Witam wszystkich.Ewo, czy twój tato jest już po kwalifikacjach w Zabrzu?Jeżeli tak to z jakimi wynikami?Życzę zdrowia i pozdrawiam!

ewa | 2010-05-24 12:42

Boguś, dziękuję że pytasz. Wyników dokładnych nie znam - mam to w dokumentach u rodziców, jednak wiem że się pogorszyły od ostatnich 3 miesięcy. Tato nie został zakwalifikowany do przeszczepu. Lekarz powiedział, że na przeszczep zapisze go w ostateczności (wygląda mi na to, że nigdy).

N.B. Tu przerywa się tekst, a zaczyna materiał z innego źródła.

(* Let $\mathcal{G}$ be an ultragraph, $R$ a unital commutative ring, and $\{R_e,D_A,f_e\}_{e\in\mathcal{G}^1,A\in\mathcal{G}^0}$ a $\mathcal{G}$-algebraic branching system on a set $X$. Let $M$ be the $R$-module of all maps $X\to R$. Then there exists a unique $R$-algebra homomorphism $\pi:L_R(\mathcal{G})\to \mathrm{Hom}_R(M)$ such that, for each $e\in\mathcal{G}^1$, $A\in\mathcal{G}^0$ and $\phi\in M$: $\pi(s_e)(\phi)=(\phi\circ f_e^{-1})\cdot 1_{R_e}$, $\pi(s_e^* )(\phi)=(\phi\circ f_e)\cdot 1_{D_{r(e)}}$ and $\pi(p_A)(\phi)=1_{D_A}\phi$. Here $(\phi\circ f_e^{-1})\cdot 1_{R_e}$ denotes the map that equals $\phi(f_e^{-1}(x))$ at $x\in R_e$ and $0$ elsewhere, and $(\phi\circ f_e)\cdot 1_{D_{r(e)}}$ the map that equals $\phi(f_e(x))$ at $x\in D_{r(e)}$ and $0$ elsewhere.
   Context: An ultragraph $\mathcal{G}=(G^0,\mathcal{G}^1,r,s)$ consists of sets $G^0$, $\mathcal{G}^1$, a map $s:\mathcal{G}^1\to G^0$ and a map $r:\mathcal{G}^1\to P(G^0)\setminus\{\emptyset\}$. $\mathcal{G}^0$ is the smallest subset of $P(G^0)$ containing $\{v\}$ ($v\in G^0$) and $r(e)$ ($e\in\mathcal{G}^1$), closed under finite unions and intersections; write $p_v=p_{\{v\}}$, $D_v=D_{\{v\}}$. $L_R(\mathcal{G})$ is the universal $R$-algebra generated by $\{s_e,s_e^*:e\in\mathcal{G}^1\}\cup\{p_A:A\in\mathcal{G}^0\}$ subject to: (1) $p_\emptyset=0$, $p_Ap_B=p_{A\cap B}$, $p_{A\cup B}=p_A+p_B-p_{A\cap B}$; (2) $p_{s(e)}s_e=s_ep_{r(e)}=s_e$, $p_{r(e)}s_e^*=s_e^*p_{s(e)}=s_e^*$; (3) $s_e^*s_f=\delta_{e,f}p_{r(e)}$; (4) $p_v=\sum_{s(e)=v}s_es_e^*$ whenever $0<|s^{-1}(v)|<\infty$. A $\mathcal{G}$-algebraic branching system on $X$ is a family of subsets $R_e,D_A\subseteq X$ and maps $f_e$ with: (i) $R_e\cap R_f=\emptyset$ for $e\neq f$; (ii) $D_\emptyset=\emptyset$, $D_A\cap D_B=D_{A\cap B}$, $D_A\cup D_B=D_{A\cup B}$; (iii) $R_e\subseteq D_{s(e)}$; (iv) $D_v=\bigcup_{e\in s^{-1}(v)}R_e$ whenever $0<|s^{-1}(v)|<\infty$; (v) $f_e:D_{r(e)}\to R_e$ is a bijection with inverse $f_e^{-1}$. $1_Y$ denotes the characteristic function of $Y\subseteq X$; $\mathrm{Hom}_R(M)$ is the algebra of $R$-module endomorphisms of $M$. *)

From HB Require Import structures.
From mathcomp Require Import all_boot all_algebra.
From mathcomp Require Import boolp classical_sets.
From Stdlib Require Import List.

Powiedział też, że w Polsce przeszczepy płuc to raczej eksperymentowanie na pacjentach, a on na swoich nie eksperymentuje (!!). Na razie tata dostał *sprzęt* do Nordic Walking, ma się wzmacniać i robić ok. 1000 kroków dziennie. Podobno to ma pomóc (tego też nie rozumiem, ale w końcu są to specjaliści... czyli zostaje mi im już tylko ufać). Następna wizyta za 1,5 miesiąca i tak już będzie... (w jedną stronę jedziemy ok. 5h więc nie muszę mówić jakie to jest męczące, zwłaszcza dla taty, no i łączy się z wydatkami, ale to już schodzi na drugi plan, bo w końcu chodzi o to żeby było lepiej.).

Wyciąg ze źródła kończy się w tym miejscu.